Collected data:
......

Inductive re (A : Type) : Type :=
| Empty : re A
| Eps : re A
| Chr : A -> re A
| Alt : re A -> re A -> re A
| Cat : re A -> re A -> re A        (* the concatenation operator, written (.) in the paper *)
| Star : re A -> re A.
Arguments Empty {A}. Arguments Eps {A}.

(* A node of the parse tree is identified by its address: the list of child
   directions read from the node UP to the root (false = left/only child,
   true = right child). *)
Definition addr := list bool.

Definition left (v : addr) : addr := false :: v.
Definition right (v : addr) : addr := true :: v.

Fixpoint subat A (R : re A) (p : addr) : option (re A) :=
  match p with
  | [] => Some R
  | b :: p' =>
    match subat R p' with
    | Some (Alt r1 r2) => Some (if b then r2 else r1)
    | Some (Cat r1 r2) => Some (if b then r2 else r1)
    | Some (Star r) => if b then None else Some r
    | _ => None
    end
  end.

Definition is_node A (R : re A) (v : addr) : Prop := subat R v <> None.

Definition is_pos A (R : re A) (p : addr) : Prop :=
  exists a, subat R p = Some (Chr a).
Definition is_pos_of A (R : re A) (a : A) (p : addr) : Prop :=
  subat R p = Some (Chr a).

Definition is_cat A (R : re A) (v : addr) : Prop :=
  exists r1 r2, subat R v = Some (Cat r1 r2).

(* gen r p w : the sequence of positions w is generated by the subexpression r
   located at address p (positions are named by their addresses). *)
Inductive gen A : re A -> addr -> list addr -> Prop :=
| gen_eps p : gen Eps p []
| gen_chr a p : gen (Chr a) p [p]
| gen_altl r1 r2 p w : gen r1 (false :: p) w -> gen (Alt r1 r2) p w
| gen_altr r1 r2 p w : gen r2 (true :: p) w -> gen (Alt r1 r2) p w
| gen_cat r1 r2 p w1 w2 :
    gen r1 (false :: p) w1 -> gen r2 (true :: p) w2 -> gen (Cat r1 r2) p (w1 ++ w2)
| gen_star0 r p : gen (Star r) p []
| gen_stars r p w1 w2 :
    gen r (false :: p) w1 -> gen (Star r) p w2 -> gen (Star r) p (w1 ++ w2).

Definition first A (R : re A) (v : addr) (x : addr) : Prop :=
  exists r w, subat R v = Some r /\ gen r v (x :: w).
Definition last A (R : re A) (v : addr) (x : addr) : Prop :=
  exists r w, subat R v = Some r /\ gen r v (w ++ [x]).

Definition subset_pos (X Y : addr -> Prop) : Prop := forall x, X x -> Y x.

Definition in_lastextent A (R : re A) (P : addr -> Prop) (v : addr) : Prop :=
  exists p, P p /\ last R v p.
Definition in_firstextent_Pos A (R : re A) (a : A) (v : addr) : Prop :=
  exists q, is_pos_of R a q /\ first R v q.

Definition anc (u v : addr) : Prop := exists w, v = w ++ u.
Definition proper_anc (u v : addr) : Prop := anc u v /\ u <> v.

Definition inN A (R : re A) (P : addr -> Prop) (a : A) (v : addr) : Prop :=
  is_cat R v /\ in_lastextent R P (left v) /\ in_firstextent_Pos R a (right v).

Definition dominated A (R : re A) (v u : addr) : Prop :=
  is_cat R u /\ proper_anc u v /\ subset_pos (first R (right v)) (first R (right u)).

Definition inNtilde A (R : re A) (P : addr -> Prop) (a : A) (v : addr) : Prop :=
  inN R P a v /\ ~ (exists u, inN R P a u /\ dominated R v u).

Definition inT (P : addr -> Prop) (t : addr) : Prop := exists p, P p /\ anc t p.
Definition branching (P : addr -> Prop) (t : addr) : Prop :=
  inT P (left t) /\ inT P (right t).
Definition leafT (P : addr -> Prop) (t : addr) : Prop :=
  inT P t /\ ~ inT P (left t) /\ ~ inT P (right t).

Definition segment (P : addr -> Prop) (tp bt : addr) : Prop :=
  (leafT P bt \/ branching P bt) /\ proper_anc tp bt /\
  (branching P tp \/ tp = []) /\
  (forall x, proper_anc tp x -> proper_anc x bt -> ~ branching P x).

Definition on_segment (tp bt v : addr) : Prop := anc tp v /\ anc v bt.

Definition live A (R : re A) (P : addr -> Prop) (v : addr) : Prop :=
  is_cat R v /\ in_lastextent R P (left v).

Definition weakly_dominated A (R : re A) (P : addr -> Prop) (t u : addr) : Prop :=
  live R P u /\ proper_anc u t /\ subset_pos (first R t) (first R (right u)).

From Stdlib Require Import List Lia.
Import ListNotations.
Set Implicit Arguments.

......

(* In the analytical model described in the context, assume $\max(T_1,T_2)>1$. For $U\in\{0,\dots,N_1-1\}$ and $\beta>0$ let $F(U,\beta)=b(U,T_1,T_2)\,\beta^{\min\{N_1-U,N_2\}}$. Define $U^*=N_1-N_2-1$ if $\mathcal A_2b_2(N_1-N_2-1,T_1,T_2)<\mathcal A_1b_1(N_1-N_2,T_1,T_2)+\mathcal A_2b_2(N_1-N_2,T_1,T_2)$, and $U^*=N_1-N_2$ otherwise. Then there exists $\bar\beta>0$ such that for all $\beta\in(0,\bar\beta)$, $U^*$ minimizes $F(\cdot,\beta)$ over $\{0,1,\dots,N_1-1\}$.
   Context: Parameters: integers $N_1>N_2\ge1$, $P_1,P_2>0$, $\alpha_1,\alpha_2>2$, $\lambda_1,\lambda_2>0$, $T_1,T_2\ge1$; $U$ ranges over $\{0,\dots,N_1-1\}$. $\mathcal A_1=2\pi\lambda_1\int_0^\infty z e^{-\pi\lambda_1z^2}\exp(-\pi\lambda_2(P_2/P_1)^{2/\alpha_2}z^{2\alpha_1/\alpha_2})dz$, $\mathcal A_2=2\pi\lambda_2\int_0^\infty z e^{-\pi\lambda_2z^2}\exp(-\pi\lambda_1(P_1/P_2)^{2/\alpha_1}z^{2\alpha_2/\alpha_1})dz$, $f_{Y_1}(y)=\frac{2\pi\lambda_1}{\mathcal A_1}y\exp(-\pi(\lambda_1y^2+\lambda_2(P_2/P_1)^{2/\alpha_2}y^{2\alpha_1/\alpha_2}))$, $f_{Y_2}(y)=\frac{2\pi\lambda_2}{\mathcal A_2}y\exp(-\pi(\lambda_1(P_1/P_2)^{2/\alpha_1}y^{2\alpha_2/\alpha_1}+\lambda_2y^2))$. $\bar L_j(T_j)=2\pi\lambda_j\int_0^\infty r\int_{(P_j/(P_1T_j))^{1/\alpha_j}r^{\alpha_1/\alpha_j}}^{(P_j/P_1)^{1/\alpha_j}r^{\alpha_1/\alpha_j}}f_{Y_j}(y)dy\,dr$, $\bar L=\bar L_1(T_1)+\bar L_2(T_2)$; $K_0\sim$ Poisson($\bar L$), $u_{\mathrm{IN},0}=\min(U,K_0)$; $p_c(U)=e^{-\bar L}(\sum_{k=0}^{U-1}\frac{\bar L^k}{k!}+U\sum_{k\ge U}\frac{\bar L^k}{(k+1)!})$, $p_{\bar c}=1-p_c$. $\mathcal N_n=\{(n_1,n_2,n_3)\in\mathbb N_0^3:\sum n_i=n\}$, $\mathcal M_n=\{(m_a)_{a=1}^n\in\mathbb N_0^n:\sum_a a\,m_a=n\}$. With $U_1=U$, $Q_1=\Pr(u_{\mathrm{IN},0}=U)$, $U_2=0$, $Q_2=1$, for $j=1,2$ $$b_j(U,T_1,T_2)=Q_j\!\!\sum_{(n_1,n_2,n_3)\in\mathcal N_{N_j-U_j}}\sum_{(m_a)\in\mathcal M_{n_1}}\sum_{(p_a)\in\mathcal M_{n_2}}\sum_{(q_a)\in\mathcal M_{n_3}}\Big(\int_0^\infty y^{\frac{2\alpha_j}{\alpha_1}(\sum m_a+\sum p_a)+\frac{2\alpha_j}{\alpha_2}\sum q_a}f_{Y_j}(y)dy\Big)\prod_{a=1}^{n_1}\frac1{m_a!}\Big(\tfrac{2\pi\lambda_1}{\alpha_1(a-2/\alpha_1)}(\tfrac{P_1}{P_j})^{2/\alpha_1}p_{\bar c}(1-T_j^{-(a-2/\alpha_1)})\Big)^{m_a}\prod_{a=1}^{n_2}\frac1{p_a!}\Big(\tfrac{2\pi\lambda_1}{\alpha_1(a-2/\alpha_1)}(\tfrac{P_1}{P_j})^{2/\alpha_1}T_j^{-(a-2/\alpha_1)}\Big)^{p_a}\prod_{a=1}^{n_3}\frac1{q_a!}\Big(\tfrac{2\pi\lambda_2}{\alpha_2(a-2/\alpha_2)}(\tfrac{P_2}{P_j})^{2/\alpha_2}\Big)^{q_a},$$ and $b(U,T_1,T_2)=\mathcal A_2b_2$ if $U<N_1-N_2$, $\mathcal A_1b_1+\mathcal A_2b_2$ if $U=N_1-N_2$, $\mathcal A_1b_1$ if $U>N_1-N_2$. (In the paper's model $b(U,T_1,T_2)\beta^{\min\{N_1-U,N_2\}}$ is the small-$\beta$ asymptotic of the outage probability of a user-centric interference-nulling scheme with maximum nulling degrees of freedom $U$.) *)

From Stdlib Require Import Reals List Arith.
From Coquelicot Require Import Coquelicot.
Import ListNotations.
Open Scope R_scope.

......

(Task details)
Will you return exactly the lines above from the one with "Empty : re A" down to the one with "Definition right (v", counting both as part of the range?

(Expected output)
| Empty : re A
| Eps : re A
| Chr : A -> re A
| Alt : re A -> re A -> re A
| Cat : re A -> re A -> re A        (* the concatenation operator, written (.) in the paper *)
| Star : re A -> re A.
Arguments Empty {A}. Arguments Eps {A}.

(* A node of the parse tree is identified by its address: the list of child
   directions read from the node UP to the root (false = left/only child,
   true = right child). *)
Definition addr := list bool.

Definition left (v : addr) : addr := false :: v.
Definition right (v : addr) : addr := true :: v.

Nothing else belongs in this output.